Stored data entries
(* Let $s=\tfrac12$ and $\lambda\in\mathbb{C}$. The space of even superderivations of $\mathfrak{L}^{1/2}_\lambda$ of degree $0$ equals $$\mathrm{span}_{\mathbb{C}}\{\mathrm{ad}\,L_0,\ \mathrm{ad}\,I_0\}\oplus\mathbb{C}\,\partial_G\oplus\delta_{\lambda,0}\,\mathbb{C}\,\partial_D,$$ where the last summand is $\mathbb{C}\partial_D$ if $\lambda=0$ and $\{0\}$ if $\lambda\neq0$. In particular $\partial_G$ is a superderivation for every $\lambda$, and $\partial_D$ is a superderivation when $\lambda=0$.
   Context: For $s\in\{0,\tfrac12\}$ and $\lambda\in\mathbb{C}$, $\mathfrak{L}^s_\lambda$ is the complex Lie superalgebra with basis $\{L_m,I_m,G_p,H_p : m\in\mathbb{Z},\ p\in s+\mathbb{Z}\}$, even part spanned by the $L_m,I_m$, odd part spanned by the $G_p,H_p$, and brackets $[L_m,L_n]=(m-n)L_{m+n}$, $[L_m,I_n]=(m-n)I_{m+n}$, $[L_m,H_p]=(\tfrac m2-p)H_{m+p}$, $[L_m,G_p]=(\tfrac m2-p)G_{m+p}+\lambda(m+1)H_{m+p}$, $[I_m,G_p]=(m-2p)H_{m+p}$, $[G_p,G_q]=I_{p+q}$, plus those given by super-antisymmetry $[y,x]=-(-1)^{|x||y|}[x,y]$; all other brackets of basis elements are zero. $\mathfrak{L}_r$ is spanned by basis elements of index $r$. A superderivation of parity $a$ is a linear map $D$ shifting parity by $a$ with $D([x,y])=[D(x),y]+(-1)^{a|x|}[x,D(y)]$; it has degree $r$ if $D(\mathfrak{L}_q)\subset\mathfrak{L}_{q+r}$. $\mathrm{ad}\,x(y)=[x,y]$. The linear maps $\partial_G,\partial_D$ (called $\partial_4,\partial_3$ in the paper for $s=\tfrac12$) are defined by $\partial_G(L_m)=\partial_G(I_m)=\partial_G(H_p)=0$, $\partial_G(G_p)=H_p$; $\partial_D(L_m)=0$, $\partial_D(I_m)=2I_m$, $\partial_D(G_p)=G_p$, $\partial_D(H_p)=3H_p$. *)

From HB Require Import structures.
From mathcomp Require Import all_boot all_order all_algebra.
Set Implicit Arguments. Unset Strict Implicit. Unset Printing Implicit Defensive.
Import Order.TTheory GRing.Theory Num.Theory.
Local Open Scope ring_scope.

(* Basis of L^{1/2}_lambda.  bL m = L_m, bI m = I_m (m : int);
   bG n = G_{n+1/2}, bH n = H_{n+1/2} (n : int), i.e. p = n + 1/2. *)
Inductive basis := bL of int | bI of int | bG of int | bH of int.

Definition basis_enc (b : basis) : nat * int :=
  match b with bL m => (0%N, m) | bI m => (1%N, m) | bG n => (2%N, n) | bH n => (3%N, n) end.
Definition basis_dec (x : nat * int) : basis :=
  match x with (0, m) => bL m | (1, m) => bI m | (2, m) => bG m | (_, m) => bH m end%N.
Lemma basis_encK : cancel basis_enc basis_dec. Proof. by case. Qed.
HB.instance Definition _ := Equality.copy basis (can_type basis_encK).

(* parity: false = even (L, I), true = odd (G, H) *)
Definition par (b : basis) : bool :=
  match b with bL _ | bI _ => false | bG _ | bH _ => true end.

Definition idx (b : basis) : rat :=
  match b with
  | bL m | bI m => m%:~R
  | bG n | bH n => n%:~R + 2^-1
  end.

(* Elements of the algebra: finite formal linear combinations of basis
   elements; two combinations are equal iff their coefficients agree. *)
Definition vec (C : nzRingType) := seq (C * basis).
Definition coef (C : nzRingType) (v : vec C) (z : basis) : C :=
  \sum_(x <- v) x.1 * (x.2 == z)%:R.
Definition vscale (C : nzRingType) (k : C) (v : vec C) : vec C :=
  [seq (k * x.1, x.2) | x <- v].

(* Brackets of basis elements, as given in the paper (s = 1/2),
   completed by super-antisymmetry; all other brackets are 0. *)
Definition br (C : fieldType) (lam : C) (x y : basis) : vec C :=
  let hp (n : int) : C := n%:~R + 2^-1 in
  match x, y with
  | bL m, bL n => [:: ((m - n)%:~R, bL (m + n))]
  | bL m, bI n => [:: ((m - n)%:~R, bI (m + n))]
  | bI n, bL m => [:: (- (m - n)%:~R, bI (m + n))]
  | bL m, bH n => [:: (m%:~R / 2%:R - hp n, bH (m + n))]
  | bH n, bL m => [:: (- (m%:~R / 2%:R - hp n), bH (m + n))]
  | bL m, bG n => [:: (m%:~R / 2%:R - hp n, bG (m + n));
                      (lam * (m%:~R + 1), bH (m + n))]
  | bG n, bL m => [:: (- (m%:~R / 2%:R - hp n), bG (m + n));
                      (- (lam * (m%:~R + 1)), bH (m + n))]
  | bI m, bG n => [:: (m%:~R - 2%:R * hp n, bH (m + n))]
  | bG n, bI m => [:: (- (m%:~R - 2%:R * hp n), bH (m + n))]
  | bG n1, bG n2 => [:: (1, bI (n1 + n2 + 1))]
  | _, _ => [::]
  end.

Definition brl (C : fieldType) (lam : C) (s t : vec C) : vec C :=
  flatten [seq vscale (x.1 * y.1) (br lam x.2 y.2) | x <- s, y <- t].

Definition lmap (C : nzRingType) := basis -> vec C.
Definition lapply (C : nzRingType) (D : lmap C) (v : vec C) : vec C :=
  flatten [seq vscale x.1 (D x.2) | x <- v].
Definition lmap_eq (C : nzRingType) (D1 D2 : lmap C) : Prop :=
  forall b z, coef (D1 b) z = coef (D2 b) z.
Definition lzero (C : nzRingType) : lmap C := fun _ => [::].
Definition ladd (C : nzRingType) (D1 D2 : lmap C) : lmap C := fun b => D1 b ++ D2 b.
Definition lscale (C : nzRingType) (k : C) (D : lmap C) : lmap C := fun b => vscale k (D b).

Exercise details: When you reach the line that contains "match x with", stop; that line and every line before it, from the very first line of the data, should be restated word for word.

Exercise solution:
(* Let $s=\tfrac12$ and $\lambda\in\mathbb{C}$. The space of even superderivations of $\mathfrak{L}^{1/2}_\lambda$ of degree $0$ equals $$\mathrm{span}_{\mathbb{C}}\{\mathrm{ad}\,L_0,\ \mathrm{ad}\,I_0\}\oplus\mathbb{C}\,\partial_G\oplus\delta_{\lambda,0}\,\mathbb{C}\,\partial_D,$$ where the last summand is $\mathbb{C}\partial_D$ if $\lambda=0$ and $\{0\}$ if $\lambda\neq0$. In particular $\partial_G$ is a superderivation for every $\lambda$, and $\partial_D$ is a superderivation when $\lambda=0$.
   Context: For $s\in\{0,\tfrac12\}$ and $\lambda\in\mathbb{C}$, $\mathfrak{L}^s_\lambda$ is the complex Lie superalgebra with basis $\{L_m,I_m,G_p,H_p : m\in\mathbb{Z},\ p\in s+\mathbb{Z}\}$, even part spanned by the $L_m,I_m$, odd part spanned by the $G_p,H_p$, and brackets $[L_m,L_n]=(m-n)L_{m+n}$, $[L_m,I_n]=(m-n)I_{m+n}$, $[L_m,H_p]=(\tfrac m2-p)H_{m+p}$, $[L_m,G_p]=(\tfrac m2-p)G_{m+p}+\lambda(m+1)H_{m+p}$, $[I_m,G_p]=(m-2p)H_{m+p}$, $[G_p,G_q]=I_{p+q}$, plus those given by super-antisymmetry $[y,x]=-(-1)^{|x||y|}[x,y]$; all other brackets of basis elements are zero. $\mathfrak{L}_r$ is spanned by basis elements of index $r$. A superderivation of parity $a$ is a linear map $D$ shifting parity by $a$ with $D([x,y])=[D(x),y]+(-1)^{a|x|}[x,D(y)]$; it has degree $r$ if $D(\mathfrak{L}_q)\subset\mathfrak{L}_{q+r}$. $\mathrm{ad}\,x(y)=[x,y]$. The linear maps $\partial_G,\partial_D$ (called $\partial_4,\partial_3$ in the paper for $s=\tfrac12$) are defined by $\partial_G(L_m)=\partial_G(I_m)=\partial_G(H_p)=0$, $\partial_G(G_p)=H_p$; $\partial_D(L_m)=0$, $\partial_D(I_m)=2I_m$, $\partial_D(G_p)=G_p$, $\partial_D(H_p)=3H_p$. *)

From HB Require Import structures.
From mathcomp Require Import all_boot all_order all_algebra.
Set Implicit Arguments. Unset Strict Implicit. Unset Printing Implicit Defensive.
Import Order.TTheory GRing.Theory Num.Theory.
Local Open Scope ring_scope.

(* Basis of L^{1/2}_lambda.  bL m = L_m, bI m = I_m (m : int);
   bG n = G_{n+1/2}, bH n = H_{n+1/2} (n : int), i.e. p = n + 1/2. *)
Inductive basis := bL of int | bI of int | bG of int | bH of int.

Definition basis_enc (b : basis) : nat * int :=
  match b with bL m => (0%N, m) | bI m => (1%N, m) | bG n => (2%N, n) | bH n => (3%N, n) end.
Definition basis_dec (x : nat * int) : basis :=
  match x with (0, m) => bL m | (1, m) => bI m | (2, m) => bG m | (_, m) => bH m end%N.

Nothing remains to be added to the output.